How to measure your dog
Different brands have different ways of how to measure a dog and assess the fit of a harness. Below, we explain how we do it. Other providers may do it differently.
Today, all kinds of different dogs are used in dog sports. To manufacture a perfectly fitting harness – no matter if one-size-fits-all or made-to-measure – is an exciting task for us.
The measures in the size tables for the harnesses serve as a first orientation. We recommend the following procedure if you’re not sure about your dog’s harness size:
Four steps to the perfectly fitting harness:
As a start, measure your dog according to our guide below. We need the following three sizes (see image above):
Neck size: Measure the size in the middle of the neck “lying flat” (without air between the fur and the measuring tab, but without choking the throat). Dogs with a very strong neck should be measured a little bit below the middle of the neck. It has proven useful to hold the measure tape in the middle of the neck and go down 1-2 cm at the front of the larynx, depending on the size of the dog.
Chest size: Measured around the lowest point of the rib cage and in a vertical line upwards, also “lying flat”.
Length: Feel the withers (highest point of the shoulder), then move the measuring tape about 1-2 cm towards the head (depending on the size of the dog). Measure from there to the point where the back spine turns into the tail spine. This point can usually be felt very well.
It is also helpful to inform us about the age and the breed of your dog.
It is not easy to measure a dog correctly. The following errors may occur:
- Neck measured too far up: Neck too narrow/harness may not go over the head.
- Neck measured too low: Neck too wide.
- “Additions” due to thick/dense fur: Harness usually too big around neck and chest.
- Dog is slouching/is humping its back: Harness usually too short.
Compare your measurements with those in the size table and choose the size (or sizes – there can be two or even three) where the neck fits as closely as possible. The neck size is the most important measurement. It may be that the neck circumference (measured) does not match the chest circumference and the length at all. Order this size (or these sizes) anyway.
We will then send you the according harness (or harnesses) and you can try them on. Take several pictures of your dog in the harness and send them to us by email.
Important: The pictures should be taken from the front and the side. Your dog should be standing upright and straight under traction (as on the trail). Also pay attention to the angle at which you pull the rope at the end loop. This angle should be similar to the one of the joring or pulling leash when you are walking or running with the dog.
Based on your pictures and measurements, we can get a good idea of how the harness should look like and what size would fit perfectly. Once we have received your pictures, we will contact you to discuss this with you.

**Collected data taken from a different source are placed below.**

(* Let $G$ and $H$ be connected graphs with $\partial(G)=\sigma(G)$ and $\partial(H)=\sigma(H)$. Then $$dim_s(G\square H)=\min\{|\partial(G)|(|\partial(H)|-1),\ |\partial(H)|(|\partial(G)|-1)\}.$$
   Context: Graphs are finite, simple, undirected; $d_G$ is the shortest-path distance. A vertex is simplicial if its neighbors induce a complete graph; $\sigma(G)$ is the set of simplicial vertices. A vertex $u$ is maximally distant from $v$ if $d_G(v,w)\le d_G(u,v)$ for every neighbor $w$ of $u$; distinct $u,v$ are mutually maximally distant if each is maximally distant from the other; the boundary $\partial(G)$ is the set of vertices mutually maximally distant with some vertex. $I_G[u,v]$ is the set of vertices on some shortest $u$–$v$ path; $w$ strongly resolves $u,v$ if $v\in I_G[u,w]$ or $u\in I_G[v,w]$; $dim_s(G)$ is the minimum size of a set $S\subseteq V(G)$ such that every pair of vertices is strongly resolved by some vertex of $S$. $G\square H$ is the Cartesian product: vertex set $V(G)\times V(H)$, $(a,b)\sim(c,d)$ iff ($a=c$ and $bd\in E(H)$) or ($b=d$ and $ac\in E(G)$). *)

From mathcomp Require Import all_boot all_order.
Set Implicit Arguments. Unset Strict Implicit. Unset Printing Implicit Defensive.

Section Graphs.
Variable T : finType.
Variable e : rel T.

Definition simple_graph := symmetric e /\ irreflexive e.
Definition connected_graph := forall x y : T, connect e x y.

Fixpoint nreach (n : nat) (x y : T) : bool :=
  if n is n'.+1 then [exists z, e x z && nreach n' z y] else x == y.

(* shortest-path distance: least n with a walk of length n
   (every shortest path has < #|T| edges; returns #|T| if unreachable,
   which never happens for connected graphs) *)
Definition dist (x y : T) : nat := find (fun n => nreach n x y) (iota 0 #|T|).

Definition simplicial (v : T) : bool :=
  [forall w1, forall w2, (e v w1 && e v w2 && (w1 != w2)) ==> e w1 w2].
Definition simplicial_set : {set T} := [set v | simplicial v].

Definition max_distant (u v : T) : bool :=
  [forall w, e u w ==> (dist v w <= dist u v)].
Definition mmd (u v : T) : bool := (u != v) && max_distant u v && max_distant v u.
Definition boundary : {set T} := [set u | [exists v, mmd u v]].

Definition interval (u v : T) : {set T} :=
  [set w | dist u w + dist w v == dist u v].
Definition strongly_resolves (w u v : T) : bool :=
  (v \in interval u w) || (u \in interval v w).
Definition strong_resolving (S : {set T}) : bool :=
  [forall u, forall v, (u != v) ==> [exists w in S, strongly_resolves w u v]].
(* strong metric dimension: minimum size of a strong resolving set
   (setT is always strong resolving, so the arg min is well defined) *)
Definition sdim : nat :=
  #|[arg min_(S < setT | strong_resolving S) #|S|]|.
End Graphs.

Definition cart_prod (T1 T2 : finType) (e1 : rel T1) (e2 : rel T2) : rel (T1 * T2) :=
  fun x y => ((x.1 == y.1) && e2 x.2 y.2) || ((x.2 == y.2) && e1 x.1 y.1).

(* A set S is strong resolving iff it contains an end of every mutually
   maximally distant (MMD) pair: an MMD pair is strongly resolved only by its own
   ends, and any pair u, v extends to a longest geodesic x .. u .. v .. y, whose
   ends are MMD and strongly resolve u, v.  Distances add in G □ H, so (g, h) and
   (g', h') are MMD iff g, g' and h, h' are; and when the boundary consists of
   simplicial vertices, any two distinct boundary vertices are MMD.  Thus the
   strong resolving sets of G □ H are the vertex covers of the direct product
   K_a × K_b, a = |∂(G)|, b = |∂(H)|.  An independent set of K_a × K_b lies in one
   row or one column, so a minimum vertex cover has ab - max(a, b) elements. *)

From mathcomp Require Import all_boot all_order.
From mathcomp Require Import zify.
Set Implicit Arguments. Unset Strict Implicit. Unset Printing Implicit Defensive.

This approach has proven to be successful and delivers the best results.
Once you have received your new harness, test it as described above, take pictures and send them to us. We will then have another look at them to make sure it fits well. Only in some cases, small changes have to be made to the harness afterwards.
The red lines show (simplified) the correct fit of the harness under traction (as on the trail).
Under traction means that the dog pulls just like on the trail.
Only then can the fit of the harness be properly assessed. It is not enough to pull the harness slightly backwards with one or two fingers.
Without traction, an Xback sits loosely on the dog (as it should).
But watch out: This often makes it seem too short!
When a dog starts pulling, the harness looks completely different. Especially if your dog bangs vehemently into the leash, the harness can seem too long.
Therefore, as mentioned above, you should take the pictures under normal traction, just like on the trail.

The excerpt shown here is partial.